“We must learn to reawaken and keep ourselves awake, not by mechanical aids, but by an infinite expectation of the dawn, which does not forsake us in our soundest sleep.”
- Thoreau in Walden.
In a famous short story, Rip Van Winkle falls asleep in colonial New York and wakes up 20 years later to discover that the American Revolution has changed everything. In a recent article published in Ecology Letters, we report that a surprisingly large number of wildflower species display a similar phenomenon called prolonged dormancy, in which individual plants remain alive in the soil for one or more years, before reappearing above ground just like Rip Van Winkle. Some plants have even been recorded to remain dormant for ten years or more.
A large proportion of the examples of dormancy are found in orchids. Orchids apparently survive underground for one or more years by obtaining nutrients from soil fungi.

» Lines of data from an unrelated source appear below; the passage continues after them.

(* Let $X=\{x_0,\ldots,x_m\}$, $X'=\{x'_0,\ldots,x'_q\}$, $c\in\mathbb{R}^q\langle\langle X\rangle\rangle$ and $d\in\mathbb{R}^m\langle\langle X'\rangle\rangle$ purely improper. Then the series $c\,\tilde\circ\,\delta_{(d^{\sqcup\!\sqcup -1}\circ c)^{\circ-1}}\in\mathbb{R}^q\langle\langle X\rangle\rangle$ is the unique fixed point of the map $e\mapsto c\,\tilde\circ\,\delta_{(d\circ e)}$ on $\mathbb{R}^q\langle\langle X\rangle\rangle$.
   Context: $\mathbb{R}^\ell\langle\langle X\rangle\rangle$: formal power series in the noncommuting letters of $X$ with coefficients in $\mathbb{R}^\ell$; $c_i$ is the $i$-th component; products of vector-valued series are componentwise. A series is purely improper if every component has nonzero constant term $(c_i,\emptyset)$. Shuffle product $\sqcup\!\sqcup$: bilinear, $(x_i\eta)\sqcup\!\sqcup(x_j\xi)=x_i(\eta\sqcup\!\sqcup x_j\xi)+x_j(x_i\eta\sqcup\!\sqcup\xi)$, $\eta\sqcup\!\sqcup\emptyset=\emptyset\sqcup\!\sqcup\eta=\eta$; $d^{\sqcup\!\sqcup-1}$ is the componentwise shuffle inverse of a purely improper $d$. Composition product: for $c\in\mathbb{R}^k\langle\langle X'\rangle\rangle$, $X'=\{x'_0,\ldots,x'_\ell\}$, and $e\in\mathbb{R}^\ell\langle\langle X\rangle\rangle$, $c\circ e=\sum_{\eta\in X'^\ast}(c,\eta)\psi_e(\eta)(\mathbf 1)$, where $\mathbf 1=1\emptyset$, $\psi_e$ is the homomorphism from words to linear endomorphisms of $\mathbb{R}\langle\langle X\rangle\rangle$ with $\psi_e(x'_i)(w)=x_0(e_i\sqcup\!\sqcup w)$, $e_0:=\mathbf 1$. Multiplicative mixed composition for $c\in\mathbb{R}^p\langle\langle X\rangle\rangle$, $g\in\mathbb{R}^m\langle\langle X\rangle\rangle$: $c\,\tilde\circ\,\delta_g=\sum_{\eta\in X^\ast}(c,\eta)\bar\phi_g(\eta)(\mathbf 1)$ with $\bar\phi_g(x_0)(w)=x_0w$, $\bar\phi_g(x_i)(w)=x_i(g_i\sqcup\!\sqcup w)$ ($i\ge1$), extended multiplicatively (concatenation to composition). For purely improper $g\in\mathbb{R}^m\langle\langle X\rangle\rangle$, $g^{\circ-1}$ denotes the unique series $h\in\mathbb{R}^m\langle\langle X\rangle\rangle$ satisfying $h=g^{\sqcup\!\sqcup-1}\,\tilde\circ\,\delta_h$ (equivalently, $\delta_h$ is the inverse of $\delta_g$ in the group of symbols $\delta_g$ with product $\delta_a\circ\delta_b=\delta_{b\sqcup\!\sqcup(a\,\tilde\circ\,\delta_b)}$ and identity $\delta_{\mathbb 1}$, $\mathbb 1=[1\cdots1]^t$). *)

From HB Require Import structures.
From mathcomp Require Import all_boot all_order all_algebra.
From Stdlib Require Import ClassicalEpsilon.
Set Implicit Arguments. Unset Strict Implicit. Unset Printing Implicit Defensive.
Import Order.TTheory GRing.Theory Num.Theory.
Local Open Scope ring_scope.

Section FPS.
Variable R : realFieldType.

(* Scalar series over the alphabet {x_0,...,x_(n-1)} = 'I_n : coefficient map on words *)
Definition series (n : nat) := seq 'I_n -> R.

Definition vseries (l n : nat) := 'I_l -> series n.

Definition fps_one {n} : series n := fun w => if w is [::] then 1 else 0.

Definition lprep {n} (i : 'I_n) (s : series n) : series n :=
  fun w => if w is a :: w' then (if a == i then s w' else 0) else 0.

(* shuffle of words, as a list of words with multiplicity:
   (a u) sh (b v) = a (u sh b v) + b (a u sh v), u sh [] = [] sh u = u *)
Fixpoint shw {A : Type} (u : seq A) : seq A -> seq (seq A) :=
  match u with
  | [::] => fun v => [:: v]
  | a :: u' => fix aux (v : seq A) : seq (seq A) :=
      match v with
      | [::] => [:: u]
      | b :: v' => [seq a :: w | w <- shw u' v] ++ [seq b :: w | w <- aux v']
      end
  end.

(* shuffle product of series: bilinear extension of shw.  Only words u, v with
   size u + size v = size w can contribute to the coefficient of w. *)
Definition shuffle {n} (a b : series n) : series n :=
  fun w => \sum_(k < (size w).+1) \sum_(u : k.-tuple 'I_n)
             \sum_(v : (size w - k).-tuple 'I_n)
               a u * b v * (count_mem w (shw (u : seq 'I_n) (v : seq 'I_n)))%:R.

Definition purely_improper {l n} (c : vseries l n) : Prop :=
  forall i, c i [::] != 0.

Pink lady’s slipper orchids in Massachusetts sometimes remain dormant in the ground for one or more years before re-emerging.
These observations of dormancy are made during long-term studies of plant populations in which researchers monitor tagged and mapped individual plants. The results can inform conservation managers, who typically aim to protect rare plants and their habitats. Dormant plants represent special challenges to land managers if they are not seen for many years.
The ability of some plants to successfully enter and emerge from dormancy may give them an advantage in surviving periods when there are harmful conditions, such as drought or large numbers of herbivores. This seems to be a bet-hedging strategy in which the disadvantage of missing a growing season by remaining dormant is less than the disadvantage of emerging from the ground in an unfavorably year. Our study demonstrates that wildflowers, just like Rip Van Winkle, sometimes need a good long sleep.